- **Exercise description**
Reply with exactly the lines from the one that contains "move=> q_le0 a_gt0;" through the last line of the records below, and with no other lines.

- **Raw data**
[Start of section]
(* Let $f:\mathbb{R}^{n\times n}\to\mathbb{R}$ be differentiable with $\|\nabla f(X)-\nabla f(Y)\|_{\mathsf F}\le L\|X-Y\|_{\mathsf F}$ for all $X,Y\in\mathcal{D}_{[0,1]^n}$, and suppose there are constants $\underline{\nu}_f\le\overline{\nu}_f$ with $\frac{\underline{\nu}_f}{2}\|Y-X\|_{\mathsf F}^2\le f(Y)-f(X)-\langle\nabla f(X),Y-X\rangle\le\frac{\overline{\nu}_f}{2}\|Y-X\|_{\mathsf F}^2$ for all $X,Y\in\mathcal{D}_n$. Let $0<p<1$ and consider \[ \min_{X\in\mathcal{D}_n}\ F_{\sigma,p,\epsilon}(X):=f(X)+\sigma\sum_{i,j=1}^n (X_{ij}+\epsilon)^p . \] (a) Let $\epsilon>0$ and let $c>1$ be a constant. If \[ \sigma>\bar\sigma_{p,\epsilon}:=\frac{c}{p}\cdot\frac{L(2+\sqrt n)+\|\nabla f(\mathbf 0)\|_{\mathsf F}}{\epsilon^{p-1}-(1/2+\epsilon)^{p-1}}, \] then every permutation matrix is a local minimizer of this problem. (b) Let $\epsilon\ge0$. If $\sigma>\sigma^*_{p,\epsilon}:=\max\{\overline{\nu}_f/\overline{\nu}_h,0\}$ with $\overline{\nu}_h=p(1-p)(1+\epsilon)^{p-2}$, then every local minimizer of this problem is a permutation matrix.
   Context: $\mathcal{D}_n=\{X\in\mathbb{R}^{n\times n}: X\mathbf{e}=X^{\mathsf T}\mathbf{e}=\mathbf{e},\ X\ge0\}$ is the set of doubly stochastic matrices ($\mathbf e$ the all-ones vector), $\mathcal{D}_{[0,1]^n}=\{X\in\mathbb{R}^{n\times n}:0\le X_{ij}\le1\}$, $\mathbf 0$ the zero matrix, $\langle M,N\rangle=\mathrm{tr}(M^{\mathsf T}N)$, $\|\cdot\|_{\mathsf F}$ the Frobenius norm. *)

From HB Require Import structures.
From mathcomp Require Import all_boot all_order all_algebra all_fingroup.
From mathcomp Require Import all_classical all_reals all_analysis.
Set Implicit Arguments. Unset Strict Implicit. Unset Printing Implicit Defensive.
Import Order.TTheory GRing.Theory Num.Theory.
Import numFieldNormedType.Exports.
Local Open Scope ring_scope.

Section Defs.
Variable R : realType.

Definition frob_dot n (M N : 'M[R]_n) : R := \tr (M^T *m N).
Definition frob_norm n (M : 'M[R]_n) : R := Num.sqrt (frob_dot M M).

Definition grad n (f : 'M[R]_n -> R) (X : 'M[R]_n) : 'M[R]_n :=
  \matrix_(i, j) ('D_(delta_mx i j) f X).

Definition doubly_stochastic n (X : 'M[R]_n) : Prop :=
  (forall i j, 0 <= X i j) /\
  (forall i, \sum_j X i j = 1) /\ (forall j, \sum_i X i j = 1).

Definition unit_box n (X : 'M[R]_n) : Prop := forall i j, 0 <= X i j <= 1.

Definition Fobj n (f : 'M[R]_n -> R) (sigma p eps : R) (X : 'M[R]_n) : R :=
  f X + sigma * \sum_i \sum_j powR (X i j + eps) p.

Definition local_min_DS n (F : 'M[R]_n -> R) (X : 'M[R]_n) : Prop :=
  doubly_stochastic X /\
  exists r : R, 0 < r /\
    forall Y, doubly_stochastic Y -> frob_norm (Y - X) < r -> F X <= F Y.

End Defs.

(* (b) A doubly stochastic X that is not a permutation matrix has fractional
   entries, at least two in each row and column they occupy; counting rows,
   columns and entries gives a nonzero D with zero line sums supported on them,
   so X +- t D stay doubly stochastic for small t.  Along this segment the
   penalty is strongly concave with modulus p (1 - p) (1 + eps)^(p - 2), while f
   curves up by at most nu_hi, so F (X + t D) + F (X - t D) < 2 F X.
   (a) If Y is doubly stochastic and close to P = perm_mx s, its distance to P
   is at most its defect d = sum_i (1 - Y i (s i)).  Concavity of t^p makes the
   penalty grow by at least sigma p ((rho + eps)^(p - 1) - (1/2 + eps)^(p - 1)) d,
   which beats the first-order decrease |grad f P| d of f when rho is small. *)

From HB Require Import structures.
From mathcomp Require Import all_boot all_order all_algebra all_fingroup.
From mathcomp Require Import all_classical all_reals all_analysis.
From mathcomp Require Import ring lra zify.
Set Implicit Arguments. Unset Strict Implicit. Unset Printing Implicit Defensive.
Import Order.TTheory GRing.Theory Num.Theory.
Import numFieldNormedType.Exports.
Local Open Scope ring_scope.

Section Frobenius.
Variables (R : realType) (n : nat).
Implicit Types A B M : 'M[R]_n.

Lemma frob_dotE A B : frob_dot A B = \sum_i \sum_j A i j * B i j.
Proof.
rewrite /frob_dot /mxtrace exchange_big; apply: eq_bigr => i _.
by rewrite !mxE; apply: eq_bigr => j _; rewrite mxE.
Qed.

Lemma frob_dotC A B : frob_dot A B = frob_dot B A.
Proof. by rewrite !frob_dotE; apply: eq_bigr => i _; apply: eq_bigr => j _; rewrite mulrC. Qed.

Lemma frob_dotDr M A B : frob_dot M (A + B) = frob_dot M A + frob_dot M B.
Proof.
rewrite !frob_dotE -big_split; apply: eq_bigr => i _.
by rewrite -big_split; apply: eq_bigr => j _; rewrite mxE mulrDr.
Qed.

Lemma frob_dotZr M A a : frob_dot M (a *: A) = a * frob_dot M A.
Proof.
rewrite !frob_dotE mulr_sumr; apply: eq_bigr => i _.
by rewrite mulr_sumr; apply: eq_bigr => j _; rewrite mxE mulrCA.
Qed.

Lemma frob_dotDl M A B : frob_dot (A + B) M = frob_dot A M + frob_dot B M.
Proof. by rewrite frob_dotC frob_dotDr !(frob_dotC M). Qed.

Lemma frob_dotZl M A a : frob_dot (a *: A) M = a * frob_dot A M.
Proof. by rewrite frob_dotC frob_dotZr frob_dotC. Qed.

Lemma frob_dotNr A B : frob_dot A (- B) = - frob_dot A B.
Proof. by rewrite -scaleN1r frob_dotZr mulN1r. Qed.

Lemma frob_dot_ge0 M : 0 <= frob_dot M M.
Proof.
rewrite frob_dotE; apply: sumr_ge0 => i _; apply: sumr_ge0 => j _.
by rewrite -expr2 sqr_ge0.
Qed.

Lemma frob_norm_ge0 M : 0 <= frob_norm M.
Proof. exact: sqrtr_ge0. Qed.

Lemma sqr_frob_norm M : frob_norm M ^+ 2 = frob_dot M M.
Proof. by rewrite sqr_sqrtr // frob_dot_ge0. Qed.

Lemma frob_norm_eq0 M : (frob_norm M == 0) = (M == 0).
Proof.
apply/idP/eqP => [|->]; last first.
  rewrite /frob_norm frob_dotE big1 ?sqrtr0 // => i _.
  by rewrite big1 // => j _; rewrite mxE mul0r.
rewrite sqrtr_eq0 le_eqVlt ltNge frob_dot_ge0 orbF frob_dotE => /eqP MM0.
have sq_ge0 (x : R) : 0 <= x * x by rewrite -expr2 sqr_ge0.
have row0 i : \sum_j M i j * M i j = 0.
  by apply: (psumr_eq0P _ MM0) => // k _; apply: sumr_ge0.
apply/matrixP => i j; rewrite mxE; apply/eqP.
by rewrite -[M i j == 0]orbb -mulf_eq0 (psumr_eq0P _ (row0 i)).
Qed.

Lemma frob_normZ M a : frob_norm (a *: M) = `|a| * frob_norm M.
Proof.
rewrite /frob_norm frob_dotZl frob_dotZr mulrA -expr2 sqrtrM ?sqr_ge0 //.
by rewrite sqrtr_sqr.
Qed.

Lemma frob_normN M : frob_norm (- M) = frob_norm M.
Proof. by rewrite -scaleN1r frob_normZ normrN1 mul1r. Qed.

Lemma frob_dot_le A B : frob_dot A B <= frob_norm A * frob_norm B.
Proof.
have [->|A_neq0] := eqVneq A 0.
  by rewrite -(scale0r 0) frob_dotZl mul0r mulr_ge0 ?frob_norm_ge0.
have [->|B_neq0] := eqVneq B 0.
  by rewrite -(scale0r 0) frob_dotZr mul0r mulr_ge0 ?frob_norm_ge0.
set a := frob_norm A; set b := frob_norm B.
have a_neq0 : a != 0 by rewrite frob_norm_eq0.
have b_neq0 : b != 0 by rewrite frob_norm_eq0.
have ab_gt0 : 0 < a * b by rewrite mulr_gt0 // lt0r ?a_neq0 ?b_neq0 frob_norm_ge0.
(* expand [0 <= |b A - a B|^2 = 2 a b (a b - <A, B>)] *)
have := frob_dot_ge0 (b *: A - a *: B).
rewrite frob_dotDl !frob_dotDr !frob_dotNr -!scaleNr !frob_dotZl !frob_dotZr.
rewrite -!sqr_frob_norm -/a -/b (frob_dotC B A) => sq_ge0.
have : 0 <= (a * b) * (2 * (a * b - frob_dot A B)) by nra.
by rewrite pmulr_rge0 // pmulr_rge0 // subr_ge0.
Qed.

Lemma frob_dot_ge A B : - (frob_norm A * frob_norm B) <= frob_dot A B.
Proof. by have := frob_dot_le A (- B); rewrite frob_dotNr frob_normN lerNl. Qed.

Lemma frob_normD A B : frob_norm (A + B) <= frob_norm A + frob_norm B.
Proof.
rewrite -ler_sqr ?nnegrE ?addr_ge0 ?frob_norm_ge0 // !sqr_frob_norm sqrrD !sqr_frob_norm.
rewrite frob_dotDl !frob_dotDr (frob_dotC B A).
have := frob_dot_le A B; lra.
Qed.

Lemma abs_entry_le_frob_norm M i j : `|M i j| <= frob_norm M.
Proof.
rewrite -(sqrtr_sqr (M i j)) ler_sqrt ?frob_dot_ge0 // frob_dotE.
rewrite (bigD1 i) //= (bigD1 j) //= -expr2 -addrA lerDl.
by rewrite addr_ge0 ?sumr_ge0 // => *; rewrite ?sumr_ge0 // => *; rewrite -expr2 sqr_ge0.
Qed.

End Frobenius.

Section RealPower.
Variable R : realType.
Implicit Types p q r a b h x y M : R.

Lemma le0_ger_powR r x y : r <= 0 -> 0 < x -> x <= y -> powR y r <= powR x r.
Proof.
move=> r_le0 x_gt0 xy; have y_gt0 := lt_le_trans x_gt0 xy.
rewrite -[r]opprK !(powRN _ (- r)) lef_pV2 ?posrE ?powR_gt0 //.
by rewrite (ge0_ler_powR _ _ _ xy) ?nnegrE ?oppr_ge0 ?(ltW x_gt0) ?(ltW y_gt0).
Qed.

Lemma lt0_gtr_powR r x y : r < 0 -> 0 < x -> x < y -> powR y r < powR x r.
Proof.
move=> r_lt0 x_gt0 xy; have y_gt0 := lt_trans x_gt0 xy.
rewrite -[r]opprK !(powRN _ (- r)) ltf_pV2 ?posrE ?powR_gt0 //.
by rewrite (gt0_ltr_powR _ _ _ xy) ?nnegrE ?oppr_gt0 ?(ltW x_gt0) ?(ltW y_gt0).
Qed.

Lemma powR_MVT q a b : 0 < a -> a < b ->
  exists2 z, a < z < b & powR b q - powR a q = q * powR z (q - 1) * (b - a).
Proof.
move=> a_gt0 ab.
have deriv z : z \in `]a, b[ -> is_derive z 1 (fun x => powR x q) (q * powR z (q - 1)).
  by rewrite in_itv /= => /andP[az _]; apply: is_derive1_powR; lra.
have cont : {within `[a, b], continuous (fun x => powR x q)}%classic.
  apply: derivable_within_continuous => z; rewrite in_itv /= => /andP[az _].
  by apply: derivable_powR; rewrite in_itv /= andbT; lra.
have [z] := MVT ab deriv cont.
by rewrite in_itv /= => zab ->; exists z.
Qed.

Lemma ge0_powR_slope q a b : 0 <= q <= 1 -> 0 < a -> a <= b ->
  q * powR b (q - 1) * (b - a) <= powR b q - powR a q <= q * powR a (q - 1) * (b - a).
Proof.
move=> /andP[q_ge0 q_le1] a_gt0; rewrite le_eqVlt => /predU1P[<-|ab].
  by rewrite !subrr mulr0 lexx.
have [z /andP[az zb] ->] := powR_MVT q a_gt0 ab.
have z_gt0 : 0 < z by lra.
have q1_le0 : q - 1 <= 0 by lra.
rewrite !ler_pM2r ?subr_gt0 //.
by rewrite !ler_wpM2l ?le0_ger_powR ?(ltW az) ?(ltW zb).
Qed.

Lemma le0_powR_slope q a b : q <= 0 -> 0 < a -> a <= b ->
  q * powR a (q - 1) * (b - a) <= powR b q - powR a q <= q * powR b (q - 1) * (b - a).
Proof.
move=> q_le0 a_gt0; rewrite le_eqVlt => /predU1P[<-|ab].
  by rewrite !subrr mulr0 lexx.
have [z /andP[az zb] ->] := powR_MVT q a_gt0 ab.
have z_gt0 : 0 < z by lra.
have q1_le0 : q - 1 <= 0 by lra.
rewrite !ler_pM2r ?subr_gt0 //.
by rewrite !ler_wnM2l ?le0_ger_powR ?(ltW az) ?(ltW zb).
Qed.

Lemma powR_step_ge p eps rho y : 0 <= p <= 1 -> 0 < eps -> 0 <= y -> y <= rho ->
  p * powR (rho + eps) (p - 1) * y <= powR (y + eps) p - powR eps p.
Proof.
move=> p01 eps_gt0 y_ge0 y_le.
have /andP[slope _] := ge0_powR_slope p01 eps_gt0 (ler_wpDl y_ge0 (lexx eps)).
apply: le_trans slope; rewrite addrK; apply: ler_wpM2r => //.
by apply: ler_wpM2l; [case/andP: p01 | apply: le0_ger_powR; lra].
Qed.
[End of section]
- **Answer**
move=> q_le0 a_gt0; rewrite le_eqVlt => /predU1P[<-|ab].
  by rewrite !subrr mulr0 lexx.
have [z /andP[az zb] ->] := powR_MVT q a_gt0 ab.
have z_gt0 : 0 < z by lra.
have q1_le0 : q - 1 <= 0 by lra.
rewrite !ler_pM2r ?subr_gt0 //.
by rewrite !ler_wnM2l ?le0_ger_powR ?(ltW az) ?(ltW zb).
Qed.

Lemma powR_step_ge p eps rho y : 0 <= p <= 1 -> 0 < eps -> 0 <= y -> y <= rho ->
  p * powR (rho + eps) (p - 1) * y <= powR (y + eps) p - powR eps p.
Proof.
move=> p01 eps_gt0 y_ge0 y_le.
have /andP[slope _] := ge0_powR_slope p01 eps_gt0 (ler_wpDl y_ge0 (lexx eps)).
apply: le_trans slope; rewrite addrK; apply: ler_wpM2r => //.
by apply: ler_wpM2l; [case/andP: p01 | apply: le0_ger_powR; lra].
Qed.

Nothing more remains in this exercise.